Compared with Group R, Group H sequences show more diversity. This is of particularly the case in vascular plants. It has to be emphasized that except for A. thaliana RGFs, secreted, bioactive forms have not been determined (Matsuzaki et al., 2010; Whitford et al., 2012). Such structural information will be critical to delve into the sequence diversity of RGF-like sequences.

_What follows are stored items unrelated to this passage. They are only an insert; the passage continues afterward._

Lemma gamma_seq_le_inv (m : nat) : gamma_seq x (S m) <= / x.
Proof.
  unfold gamma_seq; rewrite poch_succ_shift; simpl poch.
  rewrite fact_simpl, mult_INR, S_INR.
  pose proof (pos_INR m); pose proof (Rpower_fact_le_poch m).
  assert (Hp : 0 < Rpower (INR m + 1) x) by apply exp_pos.
  assert (Hq : 0 < poch (x + 1) m) by (apply poch_pos; lra).
  set (D := x * (poch (x + 1) m * (x + 1 + INR m))).
  assert (HD : 0 < D) by (unfold D; repeat apply Rmult_lt_0_compat; lra).
  apply (Rmult_le_reg_r D); [exact HD |].
  unfold Rdiv; rewrite Rmult_assoc, Rinv_l, Rmult_1_r by lra.
  unfold D; rewrite <- Rmult_assoc, Rinv_l, Rmult_1_l by lra.
  replace ((INR m + 1) * INR (fact m) * Rpower (INR m + 1) x)
    with ((INR m + 1) * (Rpower (INR m + 1) x * INR (fact m))) by ring.
  rewrite Rmult_comm.
  apply Rmult_le_compat; try lra.
  apply Rmult_le_pos; [lra | apply Rlt_le, INR_fact_lt_0].
Qed.

Lemma gamma_seq_incr (m : nat) : gamma_seq x (S m) <= gamma_seq x (S (S m)).
Proof.
  set (p := INR m + 1); set (q := INR m + 2).
  assert (Hp : 0 < p) by (unfold p; pose proof (pos_INR m); lra).
  assert (Hq : q = p + 1) by (unfold p, q; ring).
  assert (HB := Rpower_le_bernoulli (p / q) x ltac:(apply Rdiv_lt_0_compat; lra) ltac:(lra)).
  replace (1 + x * (p / q - 1)) with ((q - x) / q) in HB by (rewrite Hq; field; lra).
  assert (Hsplit : Rpower p x = Rpower q x * Rpower (p / q) x)
    by (rewrite Rpower_mult_distr by (try apply Rdiv_lt_0_compat; lra); f_equal; field; lra).
  assert (HPq : 0 < Rpower q x) by apply exp_pos.
  assert (HPp : 0 < Rpower p x) by apply exp_pos.
  pose proof (gamma_seq_pos x (S m) ltac:(lra)).
  rewrite gamma_seq_SS by lra; fold p q.
  rewrite <- (Rmult_1_r (gamma_seq x (S m))) at 1.
  apply Rmult_le_compat_l; [lra |].
  apply (Rmult_le_reg_r (Rpower p x * (x + q))); [apply Rmult_lt_0_compat; lra |].
  unfold Rdiv; rewrite Rmult_assoc, Rinv_l, Rmult_1_l, Rmult_1_r
    by (apply Rgt_not_eq, Rmult_lt_0_compat; lra).
  rewrite Hsplit.
  apply Rle_trans with (Rpower q x * ((q - x) / q) * (x + q)).
  - apply Rmult_le_compat_r; [lra |]. apply Rmult_le_compat_l; lra.
  - replace (Rpower q x * ((q - x) / q) * (x + q)) with (Rpower q x * (q - x * x / q)) by (field; lra).
    assert (0 <= x * x / q) by (apply Rmult_le_pos; [nra | apply Rlt_le, Rinv_0_lt_compat; lra]).
    nra.
Qed.

Lemma gamma_seq_cv_unit : exists l : R, is_lim_seq (gamma_seq x) l /\ 0 < l.
Proof.
  assert (Hgrow : Un_growing (fun n => gamma_seq x (S n))) by (intros n; apply gamma_seq_incr).
  destruct (growing_cv _ Hgrow) as [l Hl].
  { exists (/ x); intros y [n ->]; apply gamma_seq_le_inv. }
  exists l; split.
  - apply is_lim_seq_incr_1, is_lim_seq_Reals, Hl.
  - pose proof (growing_ineq _ _ Hgrow Hl 0%nat); pose proof (gamma_seq_pos x 1 ltac:(lra)).
    simpl in *; lra.
Qed.
(* Each layer C^{n+1}/C^{n+2} is a quotient of Z^r via the coordinates along a
   finite generating list T; alpha and beta become matrices on Z^r. *)
Section LayerInjectivity.
Local Open Scope ring_scope.
Local Open Scope group_scope.
Context {F G : grp} (n : nat) (T : list F).
Hypotheses (hT : forall t, In t T -> lcs n t)
  (hspan : forall w, lcs n w -> span (lcs n.+1) T w).
Variables (alpha : F -> G) (halpha : is_hom alpha).
Hypothesis halpha_surj : forall z, exists x, cong (lcs n.+1) (alpha x) z.
Variables (beta : F -> G) (hbq : qhom (lcs n.+1) beta).
Hypotheses (hbc : forall x y, cong (lcs n.+1) x y <-> cong (lcs n.+1) (beta x) (beta y))
  (hbs : forall z, exists x, cong (lcs n.+1) (beta x) z).

Local Notation r := (length T).+1.
Local Notation e_ i := (delta_mx ord0 i : 'rV[int]_r).

Definition layer_gen i := List.nth i T gone.

Definition layer_coord (u : 'rV[int]_r) : F :=
  prodg r (fun i => gpowz (layer_gen i) (u ord0 (inord i))).
Local Notation pi := layer_coord.

Lemma layer_gen_lcs i : lcs n (layer_gen i).
Proof.
case: (PeanoNat.Nat.lt_ge_cases i (length T)) => [/(nth_In T gone)/hT // | /(nth_overflow T gone)].
by rewrite /layer_gen => ->; apply: normal1.
Qed.

Lemma layer_coord_qadd : qadd (lcs n.+1) pi.
Proof.
move=> u v; rewrite /pi (prodg_ext (g := fun i =>
  gpowz (layer_gen i) (u ord0 (inord i)) * gpowz (layer_gen i) (v ord0 (inord i)))).
  by apply: prodg_mul => i; apply: gpowz_mem; apply: layer_gen_lcs.
by move=> i _; rewrite mxE gpowzD.
Qed.

Lemma layer_coord0 : pi 0%R = gone.
Proof.
rewrite /pi (prodg_ext (g := fun _ => gone)) => [|i _]; last by rewrite mxE.
by elim: r => //= k ->; rewrite mulg1.
Qed.

Lemma layer_coord_delta i : i < r -> pi (e_ (inord i)) = layer_gen i.
Proof.
move=> ir; rewrite /pi (prodg_ext (g := fun j => if j == i then layer_gen j else gone)).
  by rewrite prodg_delta ir.
move=> j jr; rewrite mxE /= -val_eqE /= !inordK //.
by case: (j == i); rewrite ?gpowz1 ?gpowz0.
Qed.

Lemma layer_coord_onto w : lcs n w -> exists u, cong (lcs n.+1) (pi u) w.
Proof.
move=> /hspan; elim=> [z [/(In_nth T z gone) [i [/ltP ir <-]] | hz] | |
                      x y _ [u hu] _ [v hv] | x _ [u hu]].
- by exists (e_ (inord i)); rewrite layer_coord_delta //; [reflexivity | apply: ltnW].
- by exists 0%R; rewrite layer_coord0; apply/(cong1l (lcs n.+1)).
- by exists 0%R; rewrite layer_coord0; reflexivity.
- by exists (u + v)%R; rewrite layer_coord_qadd hu hv; reflexivity.
- by exists (- u)%R; rewrite (qaddN layer_coord_qadd) hu; reflexivity.
Qed.

Lemma beta_reflect x : lcs n.+1 (beta x) -> lcs n.+1 x.
Proof.
move=> hx; apply/(cong1l (lcs n.+1)); apply/hbc.
by rewrite (qhom1 hbq); apply/(cong1l (lcs n.+1)).
Qed.

Lemma alpha_layer_matrix : exists D : 'M[int]_r,
  forall u, cong (lcs n.+1) (alpha (pi u)) (beta (pi (u *m D))).
Proof.
have [d hd] : exists d : 'I_r -> 'rV[int]_r,
    forall j, cong (lcs n.+1) (alpha (pi (e_ j))) (beta (pi (d j))).
  apply: (choice (fun j d => cong (lcs n.+1) (alpha (pi (e_ j))) (beta (pi d)))) => j.
  have [y [hy ey]] := qhom_onto_lcs hbq hbs (lcs_hom alpha halpha _ _ (layer_gen_lcs j)).
  have [v hv] := layer_coord_onto hy.
  exists v; rewrite -(inord_val j) layer_coord_delta // -ey; symmetry; exact/hbc.
exists (\matrix_(j, k) d j ord0 k); apply: qadd_eq.
- by move=> u v; rewrite (hom_cong_lcs halpha (layer_coord_qadd u v)) halpha; reflexivity.
- by move=> u v; rewrite mulmxDl (proj1 (hbc _ _) (layer_coord_qadd _ _)) hbq; reflexivity.
- by move=> j; rewrite -rowE rowK; apply: hd.
Qed.
(* Let $\mathcal{G}=(\mathcal{V},\mathcal{R},\mathcal{E})$ be a knowledge graph, let $s\in\mathcal{V}$ be a source node, $q\in\mathcal{R}$ a query relation, and $\delta\ge 0$ an integer offset. Let $\mathbf{x}_q^{(t)}(s,o)$, $t\ge 0$, $o\in\mathcal{V}$, be computed by the truncated generalized Bellman–Ford recursion described in the context, and let $\mathbf{x}_q^F(s,o)=\mathbf{x}_q^{(\mathrm{dist}(s,o)+\delta)}(s,o)$ be the final representation. Then for every $o\in\mathcal{V}$ (with $\mathrm{dist}(s,o)<\infty$), the final representation $\mathbf{x}_q^F(s,o)$ aggregates exactly the path representations of all paths from $s$ to $o$ whose length lies between $\mathrm{dist}(s,o)$ and $\mathrm{dist}(s,o)+\delta$, and no others; that is, $$\mathbf{x}_q^F(s,o)=\bigoplus_{t=\mathrm{dist}(s,o)}^{\mathrm{dist}(s,o)+\delta}\ \bigoplus_{p\in P_{s,o}^t}\ \bigotimes_{i=1}^{|p|} w(e_i).$$
   Context: A knowledge graph is $\mathcal{G}=(\mathcal{V},\mathcal{R},\mathcal{E})$ with entity set $\mathcal{V}$, relation set $\mathcal{R}$, and edge set $\mathcal{E}$ of triples $(u,r,v)$ with $u,v\in\mathcal{V}$, $r\in\mathcal{R}$, regarded as a directed edge from $u$ to $v$. For $o\in\mathcal{V}$, $\mathcal{E}(o)$ denotes the set of edges of the form $(v,r,o)$ (edges with $o$ as object). All edges have weight 1, and $\mathrm{dist}(s,o)$ is the shortest path distance (number of edges) from $s$ to $o$. For an integer $t\ge 0$, $P^t_{s,o}$ denotes the set of paths (in the loose sense of walks, repeated nodes and edges allowed) of length $t$ from $s$ to $o$; for a path $p=(e_1,\dots,e_{|p|})$, $w(e_i)=\mathbf{w}_q(e_i)$ is the representation of edge $e_i$ conditioned on $q$. The operations $\oplus$ (summation/aggregation) and $\otimes$ (multiplication) are those of the semiring used in the generalized Bellman–Ford algorithm, and $\mathbf{1}_q(s=o)$ denotes the multiplicative identity of the semiring if $s=o$ and the additive identity otherwise. Truncated Bellman–Ford recursion: set $\mathbf{x}_q^{(0)}(s,o)=\mathbf{1}_q(s=o)$. For $t\ge 1$ define the constrained edge set $$\mathcal{C}(s,o,t)=\begin{cases}\emptyset, & \text{if } t<\mathrm{dist}(s,o)\text{ or } t>\mathrm{dist}(s,o)+\delta,\\ \{(v,r,o)\in\mathcal{E}(o)\,:\,\mathrm{dist}(s,v)<\mathrm{dist}(s,o)+\delta\}, & \text{otherwise.}\end{cases}$$ For $t\ge 1$: if $\mathrm{dist}(s,o)\le t\le \mathrm{dist}(s,o)+\delta$, then $$\mathbf{x}_q^{(t)}(s,o)=\Big(\bigoplus_{(v,r,o)\in\mathcal{C}(s,o,t)}\mathbf{x}_q^{(t-1)}(s,v)\otimes \mathbf{w}_q(v,r,o)\Big)\oplus \mathbf{x}_q^{(0)}(s,o);$$ otherwise node $o$ is not updated at iteration $t$, i.e. $\mathbf{x}_q^{(t)}(s,o)=\mathbf{x}_q^{(t-1)}(s,o)$. The final representation of the pair is $\mathbf{x}_q^F(s,o)=\mathbf{x}_q^{(\mathrm{dist}(s,o)+\delta)}(s,o)$. *)

From mathcomp Require Import all_boot all_algebra.
From Stdlib Require Import ClassicalEpsilon.
Set Implicit Arguments. Unset Strict Implicit. Unset Printing Implicit Defensive.
Import GRing.Theory.
Local Open Scope ring_scope.

(* Knowledge graph: entities V (finite), relations R (finite), edge set
   E : {set V * R * V}; an edge ((u, r), v) is the triple (u, r, v),
   a directed edge from u to v. *)

Section KG.
Variables (V Rl : finType) (E : {set V * Rl * V}).

(* [is_walk u o p] : the edge list p = (e_1, ..., e_n) is a walk (path in the
   loose sense) in the graph from u to o. *)
Fixpoint is_walk (u o : V) (p : seq (V * Rl * V)) : bool :=
  match p with
  | [::] => u == o
  | e :: p' => [&& e \in E, e.1.1 == u & is_walk e.2 o p']
  end.

Definition walk_of_length (s o : V) (n : nat) : bool :=
  [exists p : n.-tuple (V * Rl * V), is_walk s o p].

(* shortest path distance; None encodes dist = +infinity (unreachable) *)
Definition dist (s o : V) : option nat :=
  match excluded_middle_informative (exists n, walk_of_length s o n) with
  | left H => Some (ex_minn H)
  | right _ => None
  end.

(* "dist s v < n" with the convention +infinity < n is false *)
Definition dist_lt (s v : V) (n : nat) : bool :=
  if dist s v is Some d then (d < n)%N else false.

Variables (S : pzSemiRingType) (w : V * Rl * V -> S) (s : V) (delta : nat).

Definition x0 (o : V) : S := if s == o then 1 else 0.

Fixpoint xBF (t : nat) : V -> S :=
  match t with
  | 0 => x0
  | t'.+1 => fun o =>
      match dist s o with
      | Some d =>
          if (d <= t'.+1 <= d + delta)%N then
            (\sum_(e in E | (e.2 == o) && dist_lt s e.1.1 (d + delta))
                xBF t' e.1.1 * w e) + x0 o
          else xBF t' o
      | None => xBF t' o
      end
  end.

End KG.

From mathcomp Require Import all_boot all_algebra zify.
From Stdlib Require Import ClassicalEpsilon.
Set Implicit Arguments. Unset Strict Implicit. Unset Printing Implicit Defensive.
Import GRing.Theory.
Local Open Scope ring_scope.

(* By induction on t, x^(t)(s,v) is the sum of the weights of all walks from s
   to v of length at most min(t, dist(s,v) + delta).  An update at o appends a
   last edge to the walks already aggregated at its in-neighbours v, and these
   reach length t because dist(s,v) >= dist(s,o) - 1; in-neighbours excluded by
   the truncation carry no walk that short, and no walk is shorter than the
   distance.  At t = dist(s,o) + delta the lengths below dist(s,o) contribute
   nothing, which leaves exactly the window of the theorem. *)

Section BigTuple.
Variables (R : Type) (idx : R) (op : Monoid.com_law idx) (T : finType).

Lemma big_tuple0 (F : 0.-tuple T -> R) : \big[op/idx]_(p : 0.-tuple T) F p = F [tuple].
Proof. by rewrite (big_pred1 [tuple]) // => p; rewrite [p]tuple0; apply/esym/eqP. Qed.

Lemma big_tuple_rcons n (F : n.+1.-tuple T -> R) :
  \big[op/idx]_(p : n.+1.-tuple T) F p =
  \big[op/idx]_(p : n.-tuple T) \big[op/idx]_(x : T) F [tuple of rcons p x].
Proof.
rewrite pair_bigA; apply: (reindex (fun px : n.-tuple T * T => [tuple of rcons px.1 px.2])).
exists (fun p : n.+1.-tuple T =>
          ([tuple of belast (thead p) (behead p)], last (thead p) (behead p))).
  move=> [p x] _; set t := [tuple of rcons p x].
  have /rcons_inj[belast_t last_t] :
      rcons p x = rcons (belast (thead t) (behead t)) (last (thead t) (behead t)).
    by rewrite -lastI [LHS]/(tval t) {1}(tuple_eta t).
  by congr pair; [apply: val_inj|].
by move=> p _; apply: val_inj; rewrite /= -lastI [in RHS](tuple_eta p).
Qed.

End BigTuple.

Section Walks.
Variables (V Rl : finType) (E : {set V * Rl * V}).

Lemma is_walk_rcons u o p e :
  is_walk E u o (rcons p e) = [&& is_walk E u e.1.1 p, e \in E & e.2 == o].
Proof.
elim: p u => [|x p IH] u /=; last by rewrite IH !andbA.
by rewrite [u == _]eq_sym; case: (e \in E); case: (e.1.1 == u).
Qed.

Lemma dist_walk s v d : dist E s v = Some d -> walk_of_length E s v d.
Proof.
by rewrite /dist; case: excluded_middle_informative => // H [<-]; case: ex_minnP.
Qed.

Lemma dist_minimal s v d n :
  dist E s v = Some d -> walk_of_length E s v n -> (d <= n)%N.
Proof.
rewrite /dist; case: excluded_middle_informative => // H [<-].
by case: ex_minnP => m _; apply.
Qed.

Lemma walk_dist_lt s v n : walk_of_length E s v n -> dist_lt E s v n.+1.
Proof.
move=> walk_n; rewrite /dist_lt.
case def_d: (dist E s v) => [d|]; first by rewrite ltnS (dist_minimal def_d walk_n).
by move: def_d; rewrite /dist; case: excluded_middle_informative => // [[]]; exists n.
Qed.

Lemma dist_lt_leq s v m n : (m <= n)%N -> dist_lt E s v m -> dist_lt E s v n.
Proof. by rewrite /dist_lt; case: dist => // d le_mn /leq_trans; apply. Qed.

Lemma dist_edge_leq s e dv d :
  e \in E -> dist E s e.1.1 = Some dv -> dist E s e.2 = Some d -> (d <= dv.+1)%N.
Proof.
move=> Ee /dist_walk/existsP[p walk_p] /dist_minimal; apply; apply/existsP.
by exists [tuple of rcons p e]; rewrite /= is_walk_rcons walk_p Ee eqxx.
Qed.

Variables (S : pzSemiRingType) (w : V * Rl * V -> S).

Definition walk_sum u v n : S :=
  \sum_(p : n.-tuple (V * Rl * V) | is_walk E u v p) \prod_(e <- p) w e.

Lemma walk_sum0 u v : walk_sum u v 0 = x0 S u v.
Proof. by rewrite /walk_sum big_mkcond big_tuple0 /= big_nil. Qed.

Lemma walk_sumSr u o n :
  walk_sum u o n.+1 = \sum_(e in E | e.2 == o) walk_sum u e.1.1 n * w e.
Proof.
rewrite [LHS]big_mkcond big_tuple_rcons exchange_big [RHS]big_mkcond /=.
apply: eq_bigr => e _.
case: ifP => [/andP[Ee e_o]|not_e_o]; last first.
  by rewrite big1 // => p _; rewrite is_walk_rcons andbC not_e_o.
rewrite mulr_suml [RHS]big_mkcond; apply: eq_bigr => p _.
by rewrite is_walk_rcons Ee e_o andbT big_rcons; case: is_walk; rewrite ?mul0r.
Qed.

Lemma walk_sum_eq0 s v n : ~~ dist_lt E s v n.+1 -> walk_sum s v n = 0.
Proof.
move=> far_v; rewrite /walk_sum big1 // => p walk_p; case/negP: far_v.
by apply: walk_dist_lt; apply/existsP; exists p.
Qed.

End Walks.

Section BellmanFord.
Variables (V Rl : finType) (E : {set V * Rl * V}) (S : pzSemiRingType).
Variables (w : V * Rl * V -> S) (s : V) (delta : nat).
Local Notation x := (xBF E w s delta).
Local Notation W := (walk_sum E w s).

Lemma relax_walk_sums t o d :
  dist E s o = Some d -> (t < d + delta)%N ->
  (forall v dv, dist E s v = Some dv ->
     x t v = \sum_(0 <= i < (minn t (dv + delta)).+1) W v i) ->
  \sum_(e in E | (e.2 == o) && dist_lt E s e.1.1 (d + delta)) x t e.1.1 * w e =
  \sum_(0 <= i < t.+1) W o i.+1.
Proof.
move=> dist_o t_lt x_t.
under [RHS]eq_bigr do rewrite walk_sumSr.
rewrite exchange_big /= [RHS](bigID (fun e => dist_lt E s e.1.1 (d + delta))) /=.
rewrite [X in _ + X]big1 ?addr0 => [|e /andP[_ far_e]]; last first.
  rewrite -mulr_suml big_nat big1 ?mul0r // => i /andP[_ lt_i_t].
  by apply: walk_sum_eq0; apply: contra far_e; apply: dist_lt_leq; lia.
apply: eq_big => [e|e /and3P[Ee /eqP e_o near_e]]; first by rewrite andbA.
move: near_e; rewrite /dist_lt -mulr_suml.
case dist_v: (dist E s e.1.1) => [dv|//] _.
have := dist_edge_leq Ee dist_v; rewrite e_o => /(_ _ dist_o) d_le.
have t_le : (t <= dv + delta)%N by lia.
by rewrite (x_t _ _ dist_v) (minn_idPl t_le).
Qed.

Lemma xBF_walk_sums t v dv : dist E s v = Some dv ->
  x t v = \sum_(0 <= i < (minn t (dv + delta)).+1) W v i.
Proof.
elim: t v dv => [|t IHt] v dv dist_v /=.
  by rewrite min0n big_nat1 walk_sum0.
rewrite dist_v; case: ifP => [/andP[_ t_lt] | stale].
  rewrite (minn_idPl t_lt) (big_nat_recl _ _ _ (leq0n _)) walk_sum0 addrC.
  by rewrite (relax_walk_sums dist_v t_lt IHt).
rewrite (IHt _ _ dist_v); have [le_t|lt_t] := leqP (dv + delta) t.
  by rewrite (minn_idPr (leqW le_t)).
rewrite (minn_idPl lt_t) [RHS](big_nat_recr _ _ _ (leq0n _)) /=.
rewrite [W v t.+1]walk_sum_eq0 ?addr0 // /dist_lt dist_v; lia.
Qed.

End BellmanFord.

Theorem theorem1 (V Rl : finType) (E : {set V * Rl * V}) (S : pzSemiRingType)
    (wq : Rl -> V * Rl * V -> S) (s : V) (q : Rl) (delta : nat)
    (o : V) (d : nat) :
  dist E s o = Some d ->
  xBF E (wq q) s delta (d + delta) o =
  \sum_(d <= t < (d + delta).+1)
     \sum_(p : t.-tuple (V * Rl * V) | is_walk E s o p)
        \prod_(e <- p) wq q e.
Proof.
move=> dist_o; have le_d : (d <= (d + delta).+1)%N by rewrite leqW ?leq_addr.
rewrite (xBF_walk_sums _ _ _ dist_o) minnn (big_cat_nat (leq0n d) le_d) /=.
rewrite [X in X + _]big_nat big1 ?add0r // => i /andP[_ lt_i_d].
by apply: walk_sum_eq0; rewrite /dist_lt dist_o -leqNgt.
Qed.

M. polymorpha RGF-Like Sequence Elicits RGF-Like Activities in A. thaliana

As a first step toward understanding biological functions of RGF-like sequences in non-flowering plants, the M. polymorpha RGF-like sequence was chosen for molecular experiments for the following reasons. First, liverworts including M. polymorpha and other bryophyte groups form a presumably monophyletic lineage sister to vascular plants and serve as an informative reference to complement our knowledge on angiosperm RGFs (Figure 8). Second, a single, highly similar RGF-like sequence is present in the liverwort species analyzed in this study (Figure 1). This observation points to a conserved role for liverwort RGF-like sequences. Third, canonical proteolytic cleavage sites are identified at similar positions in the liverwort and A. thaliana RGF precursors (Ghorbani et al., 2016; Stuhrwohldt et al., 2020; Supplementary Figure 1). This led us to reason that conserved molecular players or analogous mechanisms for the biogenesis of RGF-like peptides could exist in M. polymorpha and A. thaliana. Fourth, the predicted M. polymorpha RGF-like sequence has several residues not found in angiosperm RGFs (Figures 1, 7, 8). These variations could possibly affect ligand-receptor interactions, which can be tested by heterologous expression.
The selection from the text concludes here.